Lemma tensor_equiv_repr s : tensor_equiv h1 h2 s (repr (\pi_tensor s)).
Proof. by apply/pi_tensor_eq; rewrite reprK. Qed.

Definition tensor_zero : tensor := lift_cst tensor [::].
Definition tensor_one : tensor := lift_cst tensor [:: (1, 1)].
Definition tensor_add := lift_op2 tensor cat.
Definition tensor_opp := lift_op1 tensor (@oppl B C).
Definition tensor_mul := lift_op2 tensor (@seqmul B C).

Canonical pi_tensor_zero := PiConst tensor_zero.
Canonical pi_tensor_one := PiConst tensor_one.

Lemma pi_tensor_add : {morph \pi_tensor : s t / s ++ t >-> tensor_add s t}.
Proof.
move=> s t /=; unlock tensor_add; apply/pi_tensor_eq.
by apply: tensor_equiv_cat; exact: tensor_equiv_repr.
Qed.
Canonical pi_tensor_add_morph := PiMorph2 pi_tensor_add.

Lemma pi_tensor_opp : {morph \pi_tensor : s / oppl s >-> tensor_opp s}.
Proof.
by move=> s /=; unlock tensor_opp; apply/pi_tensor_eq/tensor_equiv_oppl/tensor_equiv_repr.
Qed.
Canonical pi_tensor_opp_morph := PiMorph1 pi_tensor_opp.

Lemma pi_tensor_mul : {morph \pi_tensor : s t / seqmul s t >-> tensor_mul s t}.
Proof.
move=> s t /=; unlock tensor_mul; apply/pi_tensor_eq.
by apply: tensor_equiv_seqmul; exact: tensor_equiv_repr.
Qed.
Canonical pi_tensor_mul_morph := PiMorph2 pi_tensor_mul.

Lemma tensor_addA : associative tensor_add.
Proof. by move=> x y z; rewrite -[x]reprK -[y]reprK -[z]reprK !piE catA. Qed.

Lemma tensor_addC : commutative tensor_add.
Proof.
move=> x y; rewrite -[x]reprK -[y]reprK !piE; apply/pi_tensor_eq.
by apply: tensor_equiv_eq => f; rewrite ?swap_cat !pairing_cat addrC.
Qed.

Lemma tensor_add0 : left_id tensor_zero tensor_add.
Proof. by move=> x; rewrite -[x]reprK !piE. Qed.

Lemma tensor_addN : left_inverse tensor_zero tensor_opp tensor_add.
Proof.
move=> x; rewrite -[x]reprK !piE; apply/pi_tensor_eq.
split; first exact: unseparated_addNl.
rewrite swap_cat swap_oppl.
apply: (unseparated_trans (unseparated_cat (unseparated_oppr_oppl _) (unseparated_refl _))).
exact: unseparated_addNl.
Qed.

HB.instance Definition _ :=
  GRing.isZmodule.Build tensor tensor_addA tensor_addC tensor_add0 tensor_addN.

Lemma tensor_mulA : associative tensor_mul.
Proof.
move=> x y z; rewrite -[x]reprK -[y]reprK -[z]reprK !piE; apply/pi_tensor_eq.
by apply: tensor_equiv_eq => f; rewrite ?swap_seqmul pairing_seqmulA.
Qed.

Lemma tensor_mulC : commutative tensor_mul.
Proof.
move=> x y; rewrite -[x]reprK -[y]reprK !piE; apply/pi_tensor_eq.
by apply: tensor_equiv_eq => f; rewrite ?swap_seqmul pairing_seqmulC.
Qed.

Lemma tensor_mul1 : left_id tensor_one tensor_mul.
Proof.
move=> x; rewrite -[x]reprK !piE; apply/pi_tensor_eq.
by apply: tensor_equiv_eq => f; rewrite ?swap_seqmul pairing_seqmul1.
Qed.

Lemma tensor_mulDl : left_distributive tensor_mul tensor_add.
Proof.
by move=> x y z; rewrite -[x]reprK -[y]reprK -[z]reprK !piE /seqmul allpairs_cat.
Qed.

HB.instance Definition _ :=
  GRing.Zmodule_isComPzRing.Build tensor tensor_mulA tensor_mulC tensor_mul1 tensor_mulDl.

End Tensor.

Section TensorMaps.
Variables (A B C : comPzRingType) (h1 : {rmorphism A -> B}) (h2 : {rmorphism A -> C}).
Local Open Scope quotient_scope.
Local Notation T := (tensor h1 h2).

Lemma pi_tensorD s t : \pi_T s + \pi_T t = \pi_T (s ++ t).
Proof. by rewrite pi_tensor_add. Qed.

Lemma pi_tensorN s : - \pi_T s = \pi_T (oppl s).
Proof. by rewrite pi_tensor_opp. Qed.

Lemma pi_tensorM s t : \pi_T s * \pi_T t = \pi_T (seqmul s t).
Proof. by rewrite pi_tensor_mul. Qed.

Lemma pi_tensor1 : 1 = \pi_T [:: (1, 1)].
Proof. by rewrite /GRing.one /= /tensor_one; unlock. Qed.

Definition tensorl (b : B) : T := \pi_T [:: (b, 1)].
Definition tensorr (c : C) : T := \pi_T [:: (1, c)].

----------

- **Required work**: Where in the records does the word "commutative" appear? Copy each line that holds it.

- **Solution to this task**:
Lemma tensor_addC : commutative tensor_add.
Lemma tensor_mulC : commutative tensor_mul.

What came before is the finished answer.